*** Material supplied Section Begins ***
Lemma cone_subequation_interior1 : (0 < n)%N -> interior_sym F 1%:M.
Proof.
move=> n_gt0; have [F0 F_add_psd _ _] := cone_subequation_psd_monotone.
split; first exact: trmx1.
exists (n * n)%:R^-1; split=> [|B nearB]; first by rewrite invr_gt0 ltr0n muln_gt0 n_gt0.
by rewrite -[B]add0r; apply/F_add_psd/near_sym1_psd.
Qed.
End ConeSubequation.
End Cones.

Section TraceShift.
Variables (R : realType) (n : nat).
Hypothesis n_gt0 : (0 < n)%N.
Implicit Types (A B X : 'M[R]_n) (F : set 'M[R]_n) (k : R).

Definition trace_shift k X : 'M[R]_n := X + (k * \tr X / n%:R) *: 1%:M.

Let n_neq0 : n%:R != 0 :> R. Proof. by rewrite pnatr_eq0 -lt0n. Qed.

Lemma trace_shift_trace k X : \tr (trace_shift k X) = (1 + k) * \tr X.
Proof. by rewrite mxtraceD mxtraceZ mxtrace1; field. Qed.

Lemma trace_shiftK a b X :
  trace_shift a (trace_shift b X) = trace_shift (a + b + a * b) X.
Proof.
by apply/matrixP => i j; rewrite [LHS]mxE trace_shift_trace !mxE; field.
Qed.

Lemma trace_shift0 X : trace_shift 0 X = X.
Proof. by rewrite /trace_shift !mul0r scale0r addr0. Qed.

Lemma trace_shiftN k X : trace_shift k (- X) = - trace_shift k X.
Proof. by rewrite /trace_shift raddfN /= mulrN mulNr scaleNr opprD. Qed.

Lemma trace_shift_tr k X : (trace_shift k X)^T = trace_shift k X^T.
Proof. by rewrite /trace_shift linearD linearZ /= trmx1 mxtrace_tr. Qed.

Lemma trace_shift_sym k X :
  Defs.symmetric (trace_shift k X) <-> Defs.symmetric X.
Proof.
rewrite /Defs.symmetric trace_shift_tr /trace_shift mxtrace_tr.
by split=> [/addIr|->].
Qed.

Lemma near_sym_trace_shift k (eps : R) A B : near_sym eps A B ->
  near_sym ((1 + `|k|) * eps) (trace_shift k A) (trace_shift k B).
Proof.
move=> [sB nearB]; split=> [|i j]; first by rewrite /Defs.symmetric trace_shift_tr sB.
have tr_near : `|\tr B - \tr A| <= n%:R * eps.
  rewrite /mxtrace -sumrB; apply: le_trans (ler_norm_sum _ _ _) _.
  apply: (@le_trans _ _ (\sum_(i < n) eps)); first by apply: ler_sum => l _; apply: ltW.
  by rewrite sumr_const card_ord mulr_natl.
have eps_ge0 : 0 <= eps by apply: le_trans (ltW (nearB i j)).
rewrite /trace_shift !mxE.
rewrite (_ : _ - _ = B i j - A i j + k * ((\tr B - \tr A) / n%:R) * (i == j)%:R);
  last by field.
rewrite [_ * eps]mulrDl mul1r; apply: le_lt_trans (ler_normD _ _) _; rewrite ltr_leD //.
rewrite !normrM -[X in _ <= X]mulr1 ler_pM ?mulr_ge0 // ?ler_wpM2l //.
  by rewrite normfV (@gtr0_norm _ n%:R) ?ltr0n // ler_pdivrMr ?ltr0n // mulrC.
by case: (i == j); rewrite ?normr1 ?normr0.
Qed.

Lemma interior_sym_trace_shift k F X :
  interior_sym F (trace_shift k X) -> interior_sym (trace_shift k @^-1` F) X.
Proof.
move=> [sX [eps [eps_gt0 intX]]]; split; first exact: (trace_shift_sym k X).1.
have k1_gt0 : 0 < 1 + `|k| by have := normr_ge0 k; lra.
exists (eps / (1 + `|k|)); split=> [|B nearB]; first exact: divr_gt0.
apply: intX; rewrite -[eps](@divfK _ (1 + `|k|)) ?gt_eqF // mulrC.
exact: near_sym_trace_shift.
Qed.

Section Fdelta.
Variable d : R.
Hypothesis d_ge0 : 0 <= d.

Let d1_neq0 : 1 + d != 0. Proof. by rewrite gt_eqF // ltr_wpDr. Qed.

Lemma trace_shiftK_inv : cancel (trace_shift d) (trace_shift (- (d / (1 + d)))).
Proof.
move=> X; rewrite trace_shiftK (_ : _ + _ = 0) ?trace_shift0 //; field; exact: d1_neq0.
Qed.

Lemma trace_shiftK_invV : cancel (trace_shift (- (d / (1 + d)))) (trace_shift d).
Proof.
move=> X; rewrite trace_shiftK (_ : _ + _ = 0) ?trace_shift0 //; field; exact: d1_neq0.
Qed.

Lemma interior_sym_Fdelta F X :
  interior_sym (Fdelta F d) X <-> interior_sym F (trace_shift d X).
Proof.
split; last exact: interior_sym_trace_shift.
rewrite -{1}[X]trace_shiftK_inv => /interior_sym_trace_shift.
suff -> : trace_shift (- (d / (1 + d))) @^-1` Fdelta F d = F by [].
by apply/seteqP; split=> A; rewrite /= /Fdelta /= -/(trace_shift d _) trace_shiftK_invV.
Qed.

Lemma dual_Fdelta F : dual (Fdelta F d) = Fdelta (dual F) d.
Proof.
apply/seteqP; split=> A [sA not_int]; split.
- exact/trace_shift_sym.
- by rewrite -trace_shiftN -interior_sym_Fdelta.
- exact: (trace_shift_sym d A).1.
- by rewrite interior_sym_Fdelta trace_shiftN.
Qed.
End Fdelta.
End TraceShift.

Section ShiftArith.
Variables (R : realType) (N d : R).
Implicit Types (c p t : R).

Lemma shift_factor_le0 t : 0 < N -> 0 <= d -> N + d * (N - t) <= 0 -> 0 < t.
Proof.
move=> N_gt0 d_ge0 le0; rewrite ltNge; apply/negP => t_le0.
have mt_ge0 : 0 <= - t by rewrite oppr_ge0.
have := mulr_ge0 d_ge0 (ltW N_gt0); have := mulr_ge0 d_ge0 mt_ge0; nra.
Qed.

Lemma le_shifted_ratio c p t : 0 < N -> c * N = N + d * (N - t) ->
  t <= p * c -> t * (N + d * p) <= N * (1 + d) * p.
Proof.
move=> N_gt0 cN tp; have := ler_wpM2r (ltW N_gt0) tp.
have : p * c * N = p * (N + d * (N - t)) by rewrite -cN mulrA.
nra.
Qed.

Lemma lt_shifted_ratio c p t : 0 < N -> 0 <= d -> 0 <= p ->
  c * N = N + d * (N - t) ->
  t * (N + d * p) < N * (1 + d) * p -> 0 < c /\ t < p * c.
Proof.
move=> N_gt0 d_ge0 p_ge0 cN lt_t.
have tp : t < p * c by rewrite -(ltr_pM2r N_gt0) -mulrA cN; nra.
split=> //; rewrite ltNge; apply/negP => c_le0.
have t_lt0 : t < 0 by apply: lt_le_trans tp _; rewrite mulr_ge0_le0.
have : c * N <= 0 by rewrite mulr_le0_ge0 // ltW.
have mt_ge0 : 0 <= - t by rewrite oppr_ge0 ltW.
rewrite cN; have := mulr_ge0 d_ge0 mt_ge0.
have := mulr_ge0 d_ge0 (ltW N_gt0); nra.
Qed.

Lemma le_shift_limit c t : 0 < N -> 0 < d -> c * N = N + d * (N - t) -> 0 <= c ->
  t <= N * (1 + d) / d.
Proof.
move=> N_gt0 d_gt0 cN c_ge0; rewrite ler_pdivlMr //.
have : 0 <= c * N by rewrite mulr_ge0 // ltW.
rewrite cN; nra.
Qed.

Lemma lt_shift_limit c t : 0 < N -> 0 < d -> c * N = N + d * (N - t) ->
  t < N * (1 + d) / d -> 0 < c.
Proof.
move=> N_gt0 d_gt0 cN; rewrite ltr_pdivlMr // => lt_t.
have : 0 < c * N by rewrite cN; nra.
by rewrite pmulr_lgt0.
Qed.
End ShiftArith.

Lemma riesz_setE (R : realType) (n : nat) (H : set 'M[R]_n) (e : 'rV[R]_n) :
  riesz H e = ereal_sup (EFin @` [set s | H (1%:M - s *: Pe e)]).
Proof. by rewrite /riesz; under eq_set => t do rewrite riesz_testE. Qed.

Section RieszFdelta.
Variables (R : realType) (n : nat) (H : set 'M[R]_n) (d : R) (e : 'rV[R]_n).
Hypotheses (n_gt0 : (0 < n)%N) (e_unit : unit_vec e) (d_ge0 : 0 <= d)
  (H_cone : psd_monotone_cone H).

Let N : R := n%:R.
Let N_gt0 : 0 < N. Proof. by rewrite ltr0n. Qed.
Let P := Pe e.
Let riesz_set := [set s | H (1%:M - s *: P)].
(* [I - t P] lies in [Fdelta H d] iff [coef t I - t P] lies in [H],
   since [tr (I - t P) = n - t]. *)
Let coef t := 1 + d * (N - t) / N.
Let cN t : coef t * N = N + d * (N - t).
Proof. by rewrite /coef; field; rewrite gt_eqF. Qed.

Let riesz_FdeltaE : riesz (Fdelta H d) e =
  ereal_sup (EFin @` [set t | H (coef t *: 1%:M - t *: P)]).
Proof.
rewrite riesz_setE; congr (ereal_sup (_ @` _)); apply: eq_set => t /=; congr H.
rewrite raddfB /= mxtraceZ mxtrace1 trace_Pe // mulr1 /coef scalerDl scale1r.
by rewrite addrAC.
Qed.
*** Material supplied Section Ends ***
**Work order**
Print exactly the lines above, between the one holding "Definition trace_shift k" and the one holding "Lemma trace_shiftK a", inclusive, and nothing besides.

**Task response**
Definition trace_shift k X : 'M[R]_n := X + (k * \tr X / n%:R) *: 1%:M.

Let n_neq0 : n%:R != 0 :> R. Proof. by rewrite pnatr_eq0 -lt0n. Qed.

Lemma trace_shift_trace k X : \tr (trace_shift k X) = (1 + k) * \tr X.
Proof. by rewrite mxtraceD mxtraceZ mxtrace1; field. Qed.

Lemma trace_shiftK a b X :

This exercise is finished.